Well I'm having fun with doing that website. It gives me an excuse to take pix of pigeons! 

Though I think the pigeons are annoyed with the whole thing. They kinda just stare at me wondering why I'm not feeding them and instead am just holding this thing in my hands aimed at them.

They do not like flashes!


----------



## mr squeaks (Apr 14, 2005)

*And...*

they don't like those red laser lights either!

I have a pen with a laser light and was using it one day with my oldest cat, Bubba, who loves to chase it. Squeaks was out and I just happend to sweep the light on the floor near him. He freaked! Does NOT like it at all!

Of course, I make sure the light NEVER shines in anyone's eyes!!!  

Those Pippies (Professional Urban Pigeons) are a riot, Garye!  Your site is really great!


----------



## Garye (Feb 20, 2005)

Thanks, when I first saw them walking towards me, I kept thinking, they'd make a pretty good picture of businessmen on their way to work. I think one of them looks like he's walking on two chicken drumsticks, he's so fat. 

That's part of the fun of taking pictures of them, you never know what you'll get in those pictures.


----------



## Victor (Dec 18, 2004)

It is a sight to see a pigeon walking with such a purpose, with that big body to suppoet. The head ~bobbing just brings it all together.I think it is a beautiful walk ...THE PIGEON WALK. 
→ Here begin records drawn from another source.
Lemma sinh_le_double x : 0 <= x <= 1 -> sinh x <= 2 * x.
Proof.
  apply (le_of_is_derive_le sinh (fun t => 2 * t) cosh (fun _ => 2) 1);
    [solve_derive | solve_derive | rewrite sinh_0; lra | apply cosh_le_2].
Qed.

Lemma cosh_le_1_add_sq x : 0 <= x <= 1 -> cosh x <= 1 + x ^ 2.
Proof.
  apply (le_of_is_derive_le cosh (fun t => 1 + t ^ 2) sinh (fun t => 2 * t) 1);
    [solve_derive | solve_derive | rewrite cosh_0; lra | apply sinh_le_double].
Qed.

Lemma sinh_le_cubic x : 0 <= x <= 1 -> sinh x <= x + x ^ 3 / 3.
Proof.
  apply (le_of_is_derive_le sinh (fun t => t + t ^ 3 / 3) cosh (fun t => 1 + t ^ 2) 1);
    [solve_derive | solve_derive | rewrite sinh_0; lra | apply cosh_le_1_add_sq].
Qed.

Lemma cosh_le_quartic x : 0 <= x <= 1 -> cosh x <= 1 + x ^ 2 / 2 + x ^ 4 / 12.
Proof.
  apply (le_of_is_derive_le cosh (fun t => 1 + t ^ 2 / 2 + t ^ 4 / 12) sinh
           (fun t => t + t ^ 3 / 3) 1);
    [solve_derive | solve_derive | rewrite cosh_0; lra | apply sinh_le_cubic].
Qed.

Lemma sinh_le_quintic x : 0 <= x <= 1 -> sinh x <= x + x ^ 3 / 6 + x ^ 5 / 60.
Proof.
  apply (le_of_is_derive_le sinh (fun t => t + t ^ 3 / 6 + t ^ 5 / 60) cosh
           (fun t => 1 + t ^ 2 / 2 + t ^ 4 / 12) 1);
    [solve_derive | solve_derive | rewrite sinh_0; lra | apply cosh_le_quartic].
Qed.

Lemma atan_le_id x : 0 <= x -> atan x <= x.
Proof.
  intros Hx. apply (le_of_is_derive_le atan id (fun t => / (1 + t ^ 2)) (fun _ => 1) x).
  - intros t. pose proof (is_derive_atan t) as H. rewrite Rsqr_pow2 in H. exact H.
  - intros t. apply (is_derive_id (K:=R_AbsRing)).
  - unfold id; rewrite atan_0; lra.
  - intros t _. rewrite <- Rinv_1 at 2.
    apply Rinv_le_contravar; [lra|]. pose proof (pow2_ge_0 t); lra.
  - lra.
Qed.

Lemma sin_sq_ge t : Rabs t <= PI / 2 -> t ^ 2 / 9 <= sin t ^ 2.
Proof.
  enough (H : forall t, 0 <= t <= PI / 2 -> t / 3 <= sin t).
  { intros Ht. destruct (Rle_or_lt 0 t).
    - rewrite Rabs_right in Ht by lra. pose proof (H t ltac:(lra)). nra.
    - rewrite Rabs_left in Ht by lra. pose proof (H (- t) ltac:(lra)). rewrite sin_neg in *. nra. }
  intros u Hu. pose proof PI_4.
  destruct (sin_bound u 0 ltac:(lra) ltac:(lra)) as [Hlb _].
  unfold sin_approx, sum_f_R0, sin_term in Hlb. simpl in Hlb.
  nra.
Qed.

Definition csch2_reg (x : R) : R := / sinh x ^ 2 - / x ^ 2.

Definition csch2_reg_ext (x : R) : R := if Req_EM_T x 0 then - (1 / 3) else csch2_reg x.

Lemma csch2_reg_opp x : csch2_reg (- x) = csch2_reg x.
Proof. unfold csch2_reg. rewrite sinh_opp. f_equal; f_equal; ring. Qed.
Your site Garye is really awsome.


----------



## TitanicWreck (Jun 12, 2003)

walk?
To me it looks like they're running- thier legs move so fast its like the Roadrunner cartoon....
In a way i can understand now why i see so many ferals with foot injuries, they must give thier feet a beating...


----------



## TitanicWreck (Jun 12, 2003)

Victor said:


> It is a sight to see a pigeon walking with such a purpose, with that big body to suppoet. The head ~bobbing just brings it all together.I think it is a beautiful walk ...THE PIGEON WALK.
> 
> Your site Garye is really awsome.





last time I was out at a night club to dance, i tried the 'pigeon dance' -it seems a perfect dance in the making- bob your head, puff your neck, spin in a circle....lets just say i went home alone.....


----------



## Lin Hansen (Jan 9, 2004)

TitanicWreck said:


> last time I was out at a night club to dance, i tried the 'pigeon dance' -it seems a perfect dance in the making- bob your head, puff your neck, spin in a circle....lets just say i went home alone.....



Tarn, LOL......good one!  

Linda


----------



## mr squeaks (Apr 14, 2005)

*Don't give up*

TitanicWreck...you are just a-'head' of your time! 
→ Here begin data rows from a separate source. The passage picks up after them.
(* Swapping the [S]-coordinates of two independent copies preserves the product
   weight; [A] ignores them and [B] reads nothing else. *)
Lemma bern_mean_indep (X : finType) (S : pred X) (A B : {ffun X -> bool} -> R) :
  (forall c d, A (merge_ffun S c d) = A c) -> (forall c d, B (merge_ffun S c d) = B d) ->
  \sum_c bern_weight c * (A c * B c) =
  (\sum_c bern_weight c * A c) * (\sum_c bern_weight c * B c).
Proof.
move=> HA HB; symmetry; rewrite big_distrl /=.
under eq_bigr do rewrite big_distrr /=.
rewrite pair_big /=.
pose swap (p : {ffun X -> bool} * {ffun X -> bool}) :=
  (merge_ffun S p.1 p.2, merge_ffun S p.2 p.1).
have swapK : involutive swap by case=> c d; rewrite /swap /= !merge_ffunK.
rewrite (reindex_inj (inv_inj swapK)) /=.
transitivity (\sum_(p : {ffun X -> bool} * {ffun X -> bool})
    bern_weight p.1 * (A p.1 * B p.1) * bern_weight p.2).
  apply: eq_bigr => -[c d] _ /=; rewrite HA HB.
  by rewrite mulrACA bern_weight_merge; ring.
rewrite -(pair_big predT predT (fun c d => bern_weight c * (A c * B c) * bern_weight d)) /=.
by apply: eq_bigr => c _; rewrite -big_distrr /= sum_bern_weight mulr1.
Qed.

Lemma eq_ffun_prod (T : finType) (f g : {ffun T -> bool}) :
  ((f == g)%:R : R) = \prod_t ((f t == g t)%:R).
Proof.
case: eqP => [->|/eqP ne]; first by rewrite big1 // => t _; rewrite eqxx.
have [t Ht] : exists t, f t != g t.
  apply/existsP; apply: contraR ne => /existsPn H; apply/eqP/ffunP => t.
  by have := H t; rewrite negbK => /eqP.
by rewrite (bigD1 t) //= (negbTE Ht) mul0r.
Qed.

Lemma sum_eq_indicator (T : finType) (x : T) (G : T -> R) :
  \sum_y ((x == y)%:R * G y) = G x.
Proof.
rewrite (bigD1 x) //= eqxx mul1r big1 ?addr0 // => y /negbTE.
by rewrite eq_sym => ->; rewrite mul0r.
Qed.

Lemma prod_row n m (i : 'I_n) (F : 'I_m -> R) :
  \prod_(x : 'I_n * 'I_m) (if x.1 == i then F x.2 else 1) = \prod_b F b.
Proof.
transitivity (\prod_a \prod_b (if a == i then F b else 1)).
  by rewrite pair_big; apply: eq_bigr => -[a b].
rewrite (bigD1 i) //= [X in _ * X]big1 ?mulr1; last first.
  by move=> a /negbTE an; rewrite big1 // => b _; rewrite an.
by apply: eq_bigr => b _; rewrite eqxx.
Qed.

Lemma sum_bern_weight_row n m (i : 'I_n) (G : {ffun 'I_m -> bool} -> R) :
  \sum_(c : {ffun 'I_n * 'I_m -> bool}) bern_weight c * G [ffun b => c (i, b)] =
  \sum_(row : {ffun 'I_m -> bool}) bern_weight row * G row.
Proof.
transitivity (\sum_(c : {ffun 'I_n * 'I_m -> bool}) \sum_row
    (bern_weight c * (([ffun b => c (i, b)] == row)%:R * G row))).
  by apply: eq_bigr => c _; rewrite -big_distrr /= sum_eq_indicator.
rewrite exchange_big /=; apply: eq_bigr => row _.
transitivity (\sum_(c : {ffun 'I_n * 'I_m -> bool}) \prod_x
    (bern (c x) * (if x.1 == i then (c x == row x.2)%:R else 1)) * G row).
  apply: eq_bigr => c _; rewrite mulrA; congr (_ * _).
  rewrite big_split /=; congr (_ * _).
  transitivity (\prod_b ((c (i, b) == row b)%:R : R)).
    by rewrite eq_ffun_prod; apply: eq_bigr => b _; rewrite ffunE.
  rewrite -(prod_row i (fun b => (c (i, b) == row b)%:R)).
  by apply: eq_bigr => -[a b] _ /=; case: eqP => // ->.
rewrite -big_distrl /=.
rewrite -(bigA_distr_bigA (fun x b => bern b * (if x.1 == i then (b == row x.2)%:R else 1))).
congr (_ * _); rewrite /bern_weight -(prod_row i (fun b => bern (row b))).
apply: eq_bigr => -[a b] _ /=; case: eqP => _.
  by case: (row b); rewrite big_bool /= ?mulr1 ?mulr0 ?addr0 ?add0r.
by rewrite -[RHS]sum_bern; apply: eq_bigr => bb _; rewrite mulr1.
Qed.

Definition tasep_bonds K (y : tstate K) (closed : tbonds K) : tbonds K :=
  [ffun b => ~~ closed b && active y b].

Lemma ttrans_bern K (y y' : tstate K) :
  \sum_(col : tbonds K) bern_weight col * (tupdate y (tasep_bonds y col) == y')%:R =
  ttrans eps y y'.
Proof.
transitivity (\sum_(col : tbonds K) \sum_(f : tbonds K)
   (bern_weight col * ((tasep_bonds y col == f)%:R * (tupdate y f == y')%:R))).
  by apply: eq_bigr => col _; rewrite -big_distrr /= sum_eq_indicator.
rewrite exchange_big /=; apply: eq_bigr => f _.
transitivity (\sum_(col : tbonds K) \prod_b
    (bern (col b) * ((~~ col b && active y b) == f b)%:R) * (tupdate y f == y')%:R).
  apply: eq_bigr => col _; rewrite mulrA; congr (_ * _).
  rewrite big_split /= eq_ffun_prod; congr (_ * _).
  by apply: eq_bigr => b _; rewrite ffunE.
rewrite -big_distrl /=.
rewrite -(bigA_distr_bigA
  (fun (b : 'I_(K.*2.+1)) bb => bern bb * ((~~ bb && active y b) == f b)%:R)).
congr (_ * _); apply: eq_bigr => b _.
by rewrite big_bool /bern /=; case: (active y b); case: (f b) => /=; ring.
Qed.

End Bernoulli.

Section StationaryStart.
Variables (n K : nat).
Definition state_height (z : tstate K) (b : nat) : int :=
  \sum_(k < b) (if occ z k then -1 else 1).

(* The height profile of [z], normalised to vanish at row [K], i.e. at [j = 0]. *)
Definition state_column (z : tstate K) (b : nat) : int := state_height z b - state_height z K.

Lemma slope_state_column z b : slope (state_column z) b = if occ z b then -1 else 1.
Proof.
by rewrite /slope /state_column /state_height big_ord_recr /=; case: (occ z b); ring.
Qed.

Lemma unit_slopes_state_column z : unit_slopes K (state_column z).
Proof. by move=> b _; rewrite slope_state_column; case: (occ z b); [right | left]. Qed.

Lemma height_state_column z : height_state K (state_column z) = z.
Proof.
apply/ffunP => k; rewrite ffunE slope_state_column.
rewrite /occ (insubT (fun i => i < K.*2)%N (ltn_ord k)) /= (_ : Sub _ _ = k);
  last exact: val_inj.
by case: (z k).
Qed.

Lemma state_height_lipschitz z a b : (a <= b)%N ->
  - Posz (b - a) <= state_height z b - state_height z a <= Posz (b - a).
Proof.
elim: b => [|b IH] ab; first by rewrite (_ : a = 0%N) ?subrr //; lia.
case: (ltnP a b.+1) => h; last by rewrite (_ : a = b.+1) ?subrr ?subnn //; lia.
have := IH ltac:(lia); rewrite /state_height big_ord_recr /=.
by case: (occ z b); set s := \sum_(i < b) _; lia.
Qed.

Lemma state_column_sandwich z b : (b <= K.*2)%N ->
  state_column z b <= origin_column K b + 0 /\
  origin_column K b <= state_column z b + Posz (K.*2).
Proof.
move=> hb; rewrite /state_column /origin_column addr0; case: ifP => h.
  by have := state_height_lipschitz z h; lia.
by have := @state_height_lipschitz z K b ltac:(lia); lia.
Qed.

Lemma column_eq_prefix (c d : hconfig n K) h0 i :
  (forall x : 'I_n * 'I_(K.*2.+1), (x.1 < i)%N -> c x = d x) ->
  column c h0 i = column d h0 i.
Proof.
elim: i => [|i IH] H //=.
rewrite IH; last by move=> x hx; apply: H; lia.
congr height_step; apply: funext => b; rewrite /col_open /env.
case: (Posz b - Posz K + Posz K) => // b'.
case: insubP => // x _ xi; case: insubP => // y _ _.
by apply: H => /=; rewrite xi.
Qed.

Lemma col_openE (c : hconfig n K) (i : 'I_n) (b : 'I_(K.*2.+1)) : col_open c i b = c (i, b).
Proof.
rewrite /col_open /env subrK.
rewrite (insubT (fun k => k < n)%N (ltn_ord i)) (insubT (fun k => k < K.*2.+1)%N (ltn_ord b)).
by congr (c (_, _)); apply: val_inj.
Qed.

Hypothesis K_gt0 : (0 < K)%N.

Lemma column_sandwich (c : hconfig n K) z i b : (b <= K.*2)%N ->
  column c (state_column z) i b <= column c (origin_column K) i b + 0 /\
  column c (origin_column K) i b <= column c (state_column z) i b + Posz (K.*2).
Proof.
elim: i b => [|i IH] b hb /=; first exact: state_column_sandwich.
have Vz := unit_slopes_column c K_gt0 i (unit_slopes_state_column z).
have Vo := unit_slopes_column c K_gt0 i (@unit_slopes_origin_column K).
by split; apply: height_step_le_shift => // b' hb'; have [] := IH b' hb'.
Qed.

End StationaryStart.

Section Expectation.
Variables (R : realType) (K : nat) (eps : R) (nu : {ffun tstate K -> R}) (n : nat).
Hypothesis K_gt0 : (0 < K)%N.
Hypothesis eps01 : 0 < eps < 1.
Hypothesis nu_stat : tasep_stationary eps nu.

Local Notation W := (@bern_weight R eps ('I_n * 'I_(K.*2.+1))%type).
Local Notation edges_at i := [pred x : 'I_n * 'I_(K.*2.+1) | x.1 == i].

(* Expectation when the initial state [z] is drawn from [nu] and the environment
   independently from the Bernoulli weights. *)
Definition mixture (F : tstate K -> hconfig n K -> R) : R :=
  \sum_z nu z * \sum_c W c * F z c.

Lemma bern_weight_ge0 c : 0 <= W c.
Proof. by apply: prodr_ge0 => x _; rewrite /bern; case: (c x); case/andP: eps01; lra. Qed.

Lemma eq_mixture F G : (forall z c, F z c = G z c) -> mixture F = mixture G.
Proof.
by move=> FG; apply: eq_bigr => z _; congr (_ * _); apply: eq_bigr => c _; rewrite FG.
Qed.

Lemma ler_mixture F G : (forall z c, F z c <= G z c) -> mixture F <= mixture G.
Proof.
have [nu_ge0 _ _] := nu_stat.
move=> FG; apply: ler_sum => z _; apply: ler_wpM2l => //.
by apply: ler_sum => c _; apply: ler_wpM2l; [exact: bern_weight_ge0 | exact: FG].
Qed.

Lemma mixtureD F G : mixture (fun z c => F z c + G z c) = mixture F + mixture G.
Proof.
rewrite /mixture -big_split /=; apply: eq_bigr => z _.
by rewrite -mulrDr -big_split /=; congr (_ * _); apply: eq_bigr => c _; rewrite mulrDr.
Qed.

Lemma mixtureZ a F : mixture (fun z c => a * F z c) = a * mixture F.
Proof.
rewrite /mixture big_distrr; apply: eq_bigr => z _ /=; rewrite [RHS]mulrCA.
by congr (_ * _); rewrite big_distrr; apply: eq_bigr => c _; rewrite mulrCA.
Qed.

Lemma mixture_sum (I : finType) (F : I -> tstate K -> hconfig n K -> R) :
  mixture (fun z c => \sum_y F y z c) = \sum_y mixture (F y).
Proof.
rewrite /mixture exchange_big; apply: eq_bigr => z _; rewrite -big_distrr /=.
by rewrite exchange_big; congr (_ * _); apply: eq_bigr => c _; rewrite big_distrr.
Qed.

Lemma mixture_state_free (G : hconfig n K -> R) :
  mixture (fun _ c => G c) = \sum_c W c * G c.
Proof. by have [_ sum_nu _] := nu_stat; rewrite /mixture -big_distrl /= sum_nu mul1r. Qed.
Wasn't there a dance called the "Chicken?" Well, of so, today it's the "PIGEON(WALK)"...  

Actually, I do the PigeonWalk dance with Mr. Squeaks all the time. And, believe it or not, he "dances" back!


----------



## Garye (Feb 20, 2005)

You know, I always thought with the way pigeons walk, that their walk would make a good kind of dance especially if you're into some kind of groove. Maybe one day we'll see dancers dance in music videos doing the "pigeon". Pigeons have a certain kind of groove all to themselves.


----------



## TitanicWreck (Jun 12, 2003)

Garye said:


> You know, I always thought with the way pigeons walk, that their walk would make a good kind of dance especially if you're into some kind of groove. Maybe one day we'll see dancers dance in music videos doing the "pigeon". Pigeons have a certain kind of groove all to themselves.



It would work...do the pigeon head bob, strut and spin around...that is a perfect dance formula- But jumping on the back of a female and flapping your arms might go a bit too far though...

For Halloween, I intent to wear a tuxedo and a pigeon mask.....Im sure Ill be tearing up the dance floor with my moves..


----------



## mr squeaks (Apr 14, 2005)

*What a riot*

that would be TitanicWreck! Bet you would win FIRST prize in the costume contest along with your dance.  

Of course, you DO need to know your partner REAL well!!! LOL  

In case you DO NOT have a partner, you could give the male pigeon "herding" a try IF you see a hen who may be receptive... ROFL


----------